I would think that what he is going through is normal. But I also am a huge fan of counseling. I don't know if you believe in that or not, but in my own opinion - if this were me, I would try the following:
1. I would be sure that when Stepson comes to visit, it's not - for a while - business as usual at home. At least for one of his visits a month, let's say. For one visit a month, SS gets a special daddy/ son day or just a special Stepson day. I don't think this will spoil him. I actually think that it could help him accept the new baby. He's probably feeling pushed to the back burner. Sometimes rewarding acting out for attention does not create the monster we all fear (at least in my opinion.)
or
2. Take him to a counselor so that he can begin to let out his feelings - whatever they may be. About the baby, about his dad and not living with him, and about his mom.
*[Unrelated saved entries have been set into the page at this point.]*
Lemma orthomx_householder_ind (P : 'M[R]_g -> Prop) :
  P 1%:M -> (forall w U, (w^T *m w) 0 0 != 0 -> P U -> P (householder w *m U)) ->
  forall U, U^T *m U = 1%:M -> P U.
Proof.
move=> P1 PH; suff PU d U : U^T *m U = 1%:M ->
    (forall j : 'I_g, (j < g - d)%N -> col j U = col j 1%:M) -> P U.
  by move=> U hU; apply: (PU g) => // j; rewrite subnn.
elim: d U => [|d IHd] U hU fixU.
  rewrite subn0 in fixU.
  suff -> : U = 1%:M by [].
  by apply/matrixP => i j; have /colP/(_ i) := fixU j (ltn_ord j); rewrite !mxE.
have [le_gd | lt_dg] := leqP g d.
  by apply: IHd hU _ => j; rewrite (eqP (_ : g - d == 0)%N) ?subn_eq0.
have lt_r_g : (g - d.+1 < g)%N by lia.
pose r := Ordinal lt_r_g.
have le_r (j : 'I_g) : (j < g - d)%N -> (j <= r)%N by rewrite /=; lia.
pose w := col r U - col r 1%:M.
have [/dotmx_self_eq0/eqP | c_neq0] := eqVneq ((w^T *m w) 0 0) 0.
  rewrite subr_eq0 => /eqP colrU; apply: IHd hU _ => j /le_r.
  by rewrite leq_eqVlt => /orP[/eqP/val_inj-> | /fixU].
have HK := householderK c_neq0.
have -> : U = householder w *m (householder w *m U) by rewrite mulmxA HK mul1mx.
apply: (PH _ _ c_neq0 (IHd _ _ _)) => [|j /le_r].
  by rewrite trmx_mul tr_householder mulmxA -(mulmxA U^T) HK mulmx1 hU.
exact: (householder_next_col (r:=r) hU fixU (erefl w) c_neq0).
Qed.

End OrthogonalDecomposition.

Section MatrixAction.
Variables (R : pzRingType) (V : lmodType R) (g : nat).

Definition mxact (a : 'M[R]_g) (X : 'I_g -> V) : 'I_g -> V :=
  fun j => \sum_k a j k *: X k.

Lemma mxact_diag (e : 'rV[R]_g) X j : mxact (diag_mx e) X j = e 0 j *: X j.
Proof.
rewrite /mxact (bigD1 j) //= big1 => [|k /negbTE nkj]; first by rewrite mxE eqxx addr0.
by rewrite mxE eq_sym nkj scale0r.
Qed.

Lemma mxact1 X j : mxact 1%:M X j = X j.
Proof. by rewrite -diag_const_mx mxact_diag mxE scale1r. Qed.

Lemma mxact_mul A B X j : mxact (A *m B) X j = mxact A (mxact B X) j.
Proof.
rewrite /mxact; under eq_bigr do rewrite mxE scaler_suml.
rewrite exchange_big /=; apply: eq_bigr => l _.
by rewrite scaler_sumr; apply: eq_bigr => k _; rewrite scalerA.
Qed.

End MatrixAction.

Section SpectrahedronAction.
Variable C : numClosedFieldType.

Lemma eq_inDA g d (A : 'I_g -> 'M[C]_d) n (X Y : 'I_g -> 'M[C]_n) :
  (forall j, X j = Y j) -> inDA A X -> inDA A Y.
Proof.
move=> eqXY [sa_X psd_X]; split=> [j|]; first by rewrite -eqXY.
by under eq_bigr do rewrite -eqXY.
Qed.

Variables (g d : nat) (F : 'I_g -> 'M[C]_d).

Lemma pencil_mxact n (a : 'M[C]_g) (X : 'I_g -> 'M[C]_n) :
  \sum_j F j *t mxact a X j = \sum_k (\sum_j a j k *: F j) *t X k.
Proof.
under eq_bigr do rewrite /mxact tensmx_sumr.
rewrite exchange_big /=; apply: eq_bigr => k _.
by rewrite tensmx_suml; apply: eq_bigr => j _; rewrite tensmxZl tensmxZr.
Qed.

Lemma selfadj_mxact n (a : 'M[C]_g) (X : 'I_g -> 'M[C]_n) j :
  (forall j k, (a j k)^* = a j k) -> (forall k, selfadj (X k)) ->
  selfadj (mxact a X j).
Proof.
move=> a_real sa_X; rewrite /selfadj adjmx_sum; apply: eq_bigr => k _.
by rewrite adjmxZ a_real sa_X.
Qed.

Lemma inDA_mxact_congr (a : 'M[C]_g) (T : 'M[C]_d) (c : C) n
    (X : 'I_g -> 'M[C]_n) :
  0 < c -> (forall j k, (a j k)^* = a j k) -> adjmx T *m T = c%:M ->
  (forall k, adjmx T *m F k *m T = c *: \sum_j a j k *: F j) ->
  inDA F X -> inDA F (mxact a X).
Proof.
move=> c_gt0 a_real TT TFT [sa_X psd_X]; split=> [j|].
  exact: selfadj_mxact.
apply: (psd_scale c_gt0).
suff -> : c *: (1%:M - \sum_j F j *t mxact a X j) =
    adjmx (T *t 1%:M) *m (1%:M - \sum_k F k *t X k) *m (T *t (1%:M : 'M_n)).
  exact: psd_adjmx_mul.
rewrite mulmxBr mulmxBl mulmx1 adjmx_tens adjmx1 tensmx_mul mul1mx TT.
rewrite tens_scalar_mx1 scalerBr scalemx1 pencil_mxact scaler_sumr.
congr (_ - _); rewrite mulmx_sumr mulmx_suml; apply: eq_bigr => k _.
by rewrite !tensmx_mul mul1mx mulmx1 TFT tensmxZl.
Qed.

End SpectrahedronAction.

Section CliffordReflection.
Variables (C : numClosedFieldType) (g d : nat) (F : 'I_g -> 'M[C]_d).
Variable W : 'M[C]_d.
Hypothesis F_selfadj : forall j, selfadj (F j).
Hypothesis F_anticomm :
  forall j k, F j *m F k + F k *m F j = ((j == k)%:R *+ 2)%:M.
Hypothesis W_unitary : adjmx W *m W = 1%:M.
Hypothesis W_anticomm : forall j, W *m F j = - (F j *m W).

Variable w : 'cV[C]_g.
Hypothesis w_real : forall j, (w j 0)^* = w j 0.
Let c := (w^T *m w) 0 0.
Let S := \sum_j w j 0 *: F j.

Lemma anticomm_comb k : S *m F k + F k *m S = (2 * w k 0)%:M.
Proof.
rewrite /S mulmx_suml mulmx_sumr -big_split /=.
under eq_bigr do rewrite -scalemxAl -scalemxAr -scalerDr F_anticomm.
rewrite (bigD1 k) //= big1 => [|j /negbTE ->]; last by rewrite mul0rn raddf0 scaler0.
by rewrite eqxx /= addr0 scale_scalar_mx mulrC.
Qed.

Lemma comb_sq : S *m S = c%:M.
Proof.
apply: (@scalerI _ _ 2); first by rewrite pnatr_eq0.
rewrite scaler_nat mulr2n.
have {1}-> : S *m S = \sum_k w k 0 *: (S *m F k).
  by rewrite {2}/S mulmx_sumr; apply: eq_bigr => k _; rewrite scalemxAr.
have -> : S *m S = \sum_k w k 0 *: (F k *m S).
  by rewrite {1}/S mulmx_suml; apply: eq_bigr => k _; rewrite scalemxAl.
rewrite -big_split /=.
under eq_bigr do rewrite -scalerDr anticomm_comb scale_scalar_mx.
rewrite -raddf_sum scale_scalar_mx /c mxE mulr_sumr; congr (_%:M).
by apply: eq_bigr => k _; rewrite mxE mulrCA.
Qed.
I know that you think SS is obnoxious, but the kid sounds to me like he's HURTING. So BM laughing and thinking it's cute and funny is also the wrong way to handle him.
Best of luck to you!
*** A rainbow just threw up on me... and now I'm sh*tting glitter! ***
Smit
I agree that counseling at school or privately might help. Also, having DH take SS for special "daddy" time might do some good. He probably is feeling left out or jealous that the baby is with daddy all the time.
I personally give my skids "dad" time every once in a while. They watch a movie, or play a board game or I just leave them all in the house together and go out shopping. It's time off for me, and bonding time for them.